A Última Conversa com Percival Noronha

Numa tarde chuvosa (1 de Julho do ano passado), quando de súbito me lembrei do Sr. Percival Noronha[1], não hesitei em terminar a minha sesta dominical. Um distinto cavalheiro – culto, agradável, e que me estimava – daí a dias iria completar a bonita idade de 95 anos… Urgia, pois, falar com o grand old man de Pangim.

Quando liguei para a sua casa, ouvi logo um ‘Estou!’ inconfundível. Na linguagem do Sr. Percival, esse estar era o mesmo que estar disponível! ‘Pode o Óscar vir quando quiser’, disse com a amabilidade que o caracterizava. Estava sempre pronto para um papo, e desta vez seria como nunca dantes: radiodifundida na minha rubrica mensal, Renascença Goa… (https://www.youtube.com/watch?v=KRK2PimgTmo) Saí então rumo às Fontaínhas, acompanhado do meu irmão Orlando que trataria das fotos.

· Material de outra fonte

Lemma node_cross_terms_bound n m (Qi Si : mat) (a z : vec) (u p q : vec) KH Y e :
  0 < e -> 0 <= KH -> 0 <= Y ->
  (forall k, (k < n)%nat -> Rabs (a k) <= 9 * Y) ->
  (forall k, (k < n)%nat -> Rabs (p k) <= Y) -> (forall k, (k < m)%nat -> Rabs (q k) <= Y) ->
  (forall k l, (k < n)%nat -> (l < n)%nat -> Rabs (Qi k l) <= KH) ->
  (forall k l, (k < n)%nat -> (l < m)%nat -> Rabs (Si k l) <= KH) ->
  - (qform n n Qi a z + qform n n Qi z a + 2 * qform n m Si a u) + 2 * (dot n p z + dot m q u)
  <= 4 * e * (dot n z z + dot m u u) + 2 * cross_const n m KH e * (Y * Y).
Proof.
  intros He HKH HY Ha Hp Hq HQ HS.
  assert (B1 := qform_young_l n n Qi a z KH 9 Y e He HKH ltac:(lra) HY Ha HQ).
  assert (B2 := qform_young_r n n Qi a z KH 9 Y e He HKH ltac:(lra) HY Ha HQ).
  assert (B3 := qform_young_l n m Si a u KH 9 Y e He HKH ltac:(lra) HY Ha HS).
  assert (B4 := dot_young n p z Y e He HY Hp).
  assert (B5 := dot_young m q u Y e He HY Hq).
  pose proof (Ropp_le_Rabs (qform n n Qi a z)). pose proof (Ropp_le_Rabs (qform n n Qi z a)).
  pose proof (Ropp_le_Rabs (qform n m Si a u)).
  pose proof (Rle_abs (dot n p z)). pose proof (Rle_abs (dot m q u)).
  unfold cross_const. lra.
Qed.

Section QPEstimate.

Era um prazer ir à residência do Sr. Percival (‘Ajenor’, nº E-426, à Rua Cunha Gonçalves). Também nos cruzámos, por centenas de vezes, em concertos, conferências, exposições de arte, e não menos em casamentos e funerais. Um senhor da velha guarda, era cumpridor dos seus deveres sociais e cívicos. Apesar da nossa diferença etária, a conversa corria como um rio de águas claras, pois o Sr. Percival era não só envolvente mas também apreciador dos méritos dos seus contemporâneos e estimulador dos talentos dos mais novos.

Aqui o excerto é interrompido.